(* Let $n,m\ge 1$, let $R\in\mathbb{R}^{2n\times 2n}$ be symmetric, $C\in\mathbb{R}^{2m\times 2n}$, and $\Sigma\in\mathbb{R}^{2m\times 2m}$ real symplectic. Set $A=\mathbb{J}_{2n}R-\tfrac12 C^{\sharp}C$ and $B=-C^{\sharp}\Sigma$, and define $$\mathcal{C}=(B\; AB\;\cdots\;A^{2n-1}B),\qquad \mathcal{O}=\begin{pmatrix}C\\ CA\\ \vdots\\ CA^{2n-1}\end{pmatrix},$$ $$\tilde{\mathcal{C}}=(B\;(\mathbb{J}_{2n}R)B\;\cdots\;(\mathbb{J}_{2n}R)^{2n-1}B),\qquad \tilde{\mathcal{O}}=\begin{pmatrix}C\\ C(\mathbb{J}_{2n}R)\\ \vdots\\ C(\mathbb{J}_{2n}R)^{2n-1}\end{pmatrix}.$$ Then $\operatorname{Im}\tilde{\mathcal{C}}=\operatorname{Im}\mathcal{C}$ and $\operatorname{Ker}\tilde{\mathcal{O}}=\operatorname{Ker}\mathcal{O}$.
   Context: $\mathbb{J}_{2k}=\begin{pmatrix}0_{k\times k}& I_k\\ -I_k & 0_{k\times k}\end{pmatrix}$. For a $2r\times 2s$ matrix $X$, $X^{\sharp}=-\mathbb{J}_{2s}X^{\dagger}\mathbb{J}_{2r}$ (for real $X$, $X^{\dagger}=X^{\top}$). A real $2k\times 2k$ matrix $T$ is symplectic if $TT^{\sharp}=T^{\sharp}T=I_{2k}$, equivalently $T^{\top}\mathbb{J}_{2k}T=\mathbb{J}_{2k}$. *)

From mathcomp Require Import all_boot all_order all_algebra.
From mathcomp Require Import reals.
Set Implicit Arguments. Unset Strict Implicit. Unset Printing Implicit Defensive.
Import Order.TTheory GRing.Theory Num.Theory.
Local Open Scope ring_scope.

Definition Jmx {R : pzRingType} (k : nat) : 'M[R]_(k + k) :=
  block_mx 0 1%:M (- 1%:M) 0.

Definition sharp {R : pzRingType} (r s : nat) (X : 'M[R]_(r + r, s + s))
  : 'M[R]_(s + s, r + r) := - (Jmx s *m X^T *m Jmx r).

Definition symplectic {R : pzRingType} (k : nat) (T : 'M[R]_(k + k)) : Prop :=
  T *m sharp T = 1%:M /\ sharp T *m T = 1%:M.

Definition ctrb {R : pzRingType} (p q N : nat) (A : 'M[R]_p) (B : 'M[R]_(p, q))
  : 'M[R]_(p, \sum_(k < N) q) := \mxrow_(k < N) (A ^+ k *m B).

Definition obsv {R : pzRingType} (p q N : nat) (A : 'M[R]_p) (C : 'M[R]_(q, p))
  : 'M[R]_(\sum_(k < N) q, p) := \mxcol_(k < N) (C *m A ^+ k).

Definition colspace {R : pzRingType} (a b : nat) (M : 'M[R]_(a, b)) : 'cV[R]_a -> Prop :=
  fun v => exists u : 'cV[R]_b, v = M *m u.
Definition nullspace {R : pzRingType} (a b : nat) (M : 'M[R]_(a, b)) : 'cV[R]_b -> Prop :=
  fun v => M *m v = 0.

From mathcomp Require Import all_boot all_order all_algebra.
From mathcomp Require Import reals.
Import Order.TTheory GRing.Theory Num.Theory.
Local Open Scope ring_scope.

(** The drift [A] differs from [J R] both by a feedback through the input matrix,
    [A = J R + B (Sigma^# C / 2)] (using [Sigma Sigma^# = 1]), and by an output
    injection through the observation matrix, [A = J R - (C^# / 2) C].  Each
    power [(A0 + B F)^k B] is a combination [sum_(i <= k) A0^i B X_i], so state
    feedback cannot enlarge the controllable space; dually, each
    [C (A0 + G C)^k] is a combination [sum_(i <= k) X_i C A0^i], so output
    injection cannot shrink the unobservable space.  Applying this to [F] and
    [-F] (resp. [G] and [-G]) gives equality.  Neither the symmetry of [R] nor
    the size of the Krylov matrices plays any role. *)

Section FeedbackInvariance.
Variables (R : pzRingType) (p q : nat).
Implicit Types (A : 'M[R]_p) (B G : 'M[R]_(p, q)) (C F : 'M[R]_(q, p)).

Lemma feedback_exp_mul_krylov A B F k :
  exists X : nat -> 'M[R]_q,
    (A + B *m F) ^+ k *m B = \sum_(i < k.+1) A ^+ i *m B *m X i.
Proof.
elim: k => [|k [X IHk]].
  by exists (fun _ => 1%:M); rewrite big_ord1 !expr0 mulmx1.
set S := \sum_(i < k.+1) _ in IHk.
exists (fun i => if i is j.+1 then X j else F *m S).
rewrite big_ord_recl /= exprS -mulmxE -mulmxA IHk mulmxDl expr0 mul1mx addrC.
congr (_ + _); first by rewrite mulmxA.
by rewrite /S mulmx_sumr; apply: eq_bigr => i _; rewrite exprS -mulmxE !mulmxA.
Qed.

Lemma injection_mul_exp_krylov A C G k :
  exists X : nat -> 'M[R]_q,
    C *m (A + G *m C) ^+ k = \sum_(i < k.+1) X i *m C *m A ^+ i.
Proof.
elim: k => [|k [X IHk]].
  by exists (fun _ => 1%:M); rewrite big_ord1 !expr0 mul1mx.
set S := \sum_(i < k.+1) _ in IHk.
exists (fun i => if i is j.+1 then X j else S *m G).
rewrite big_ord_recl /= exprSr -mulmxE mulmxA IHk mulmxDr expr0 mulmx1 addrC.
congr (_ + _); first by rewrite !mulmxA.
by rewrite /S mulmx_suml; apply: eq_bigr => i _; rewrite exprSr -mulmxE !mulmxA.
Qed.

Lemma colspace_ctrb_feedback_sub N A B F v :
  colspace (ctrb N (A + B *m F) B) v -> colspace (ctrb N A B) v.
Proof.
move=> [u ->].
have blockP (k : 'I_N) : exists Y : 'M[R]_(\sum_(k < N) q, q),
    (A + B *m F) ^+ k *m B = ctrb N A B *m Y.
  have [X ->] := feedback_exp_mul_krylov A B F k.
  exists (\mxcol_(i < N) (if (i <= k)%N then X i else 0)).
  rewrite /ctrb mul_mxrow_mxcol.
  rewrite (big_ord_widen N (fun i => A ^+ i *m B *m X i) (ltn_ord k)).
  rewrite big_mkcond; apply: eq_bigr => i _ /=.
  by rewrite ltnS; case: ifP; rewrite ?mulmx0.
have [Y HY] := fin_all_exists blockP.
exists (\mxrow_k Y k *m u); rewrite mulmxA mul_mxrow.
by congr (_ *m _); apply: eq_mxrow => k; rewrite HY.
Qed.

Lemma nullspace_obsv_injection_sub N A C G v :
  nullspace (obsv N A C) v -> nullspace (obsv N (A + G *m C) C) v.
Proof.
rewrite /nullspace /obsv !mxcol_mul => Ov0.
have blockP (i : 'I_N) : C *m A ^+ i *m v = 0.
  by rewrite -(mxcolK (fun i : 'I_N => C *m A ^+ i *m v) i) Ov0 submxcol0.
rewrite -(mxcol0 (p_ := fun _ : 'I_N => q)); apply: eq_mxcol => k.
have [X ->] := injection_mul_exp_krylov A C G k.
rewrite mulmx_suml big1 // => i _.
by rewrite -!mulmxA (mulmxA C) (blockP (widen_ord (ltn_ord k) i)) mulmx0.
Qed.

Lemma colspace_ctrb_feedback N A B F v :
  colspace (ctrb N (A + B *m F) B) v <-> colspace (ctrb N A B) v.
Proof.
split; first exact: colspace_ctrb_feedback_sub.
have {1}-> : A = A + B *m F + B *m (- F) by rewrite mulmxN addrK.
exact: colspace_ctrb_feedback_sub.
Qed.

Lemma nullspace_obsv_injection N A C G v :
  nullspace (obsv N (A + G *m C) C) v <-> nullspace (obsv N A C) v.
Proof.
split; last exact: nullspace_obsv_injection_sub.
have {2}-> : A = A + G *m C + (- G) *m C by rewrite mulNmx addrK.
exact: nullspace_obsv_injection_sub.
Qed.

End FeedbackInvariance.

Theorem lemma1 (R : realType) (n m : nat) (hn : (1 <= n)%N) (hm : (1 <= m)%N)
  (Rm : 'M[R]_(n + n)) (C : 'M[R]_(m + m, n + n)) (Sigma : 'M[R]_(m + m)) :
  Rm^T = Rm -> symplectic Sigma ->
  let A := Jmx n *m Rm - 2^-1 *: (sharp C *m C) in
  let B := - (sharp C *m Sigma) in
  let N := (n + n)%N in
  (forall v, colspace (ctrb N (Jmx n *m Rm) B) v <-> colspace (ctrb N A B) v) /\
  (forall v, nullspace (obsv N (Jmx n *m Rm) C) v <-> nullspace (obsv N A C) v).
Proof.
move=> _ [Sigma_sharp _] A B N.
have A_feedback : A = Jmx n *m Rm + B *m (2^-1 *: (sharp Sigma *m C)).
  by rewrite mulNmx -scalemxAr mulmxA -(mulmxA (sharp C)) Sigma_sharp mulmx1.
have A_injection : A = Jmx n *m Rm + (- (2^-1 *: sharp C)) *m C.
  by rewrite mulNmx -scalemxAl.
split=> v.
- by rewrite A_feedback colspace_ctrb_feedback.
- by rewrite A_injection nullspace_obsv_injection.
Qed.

◆ How to complete this task ◆
Take from the listing every line in which the word "else" appears.

◆ Response to this task ◆
exists (fun i => if i is j.+1 then X j else F *m S).
exists (fun i => if i is j.+1 then X j else S *m G).
  exists (\mxcol_(i < N) (if (i <= k)%N then X i else 0)).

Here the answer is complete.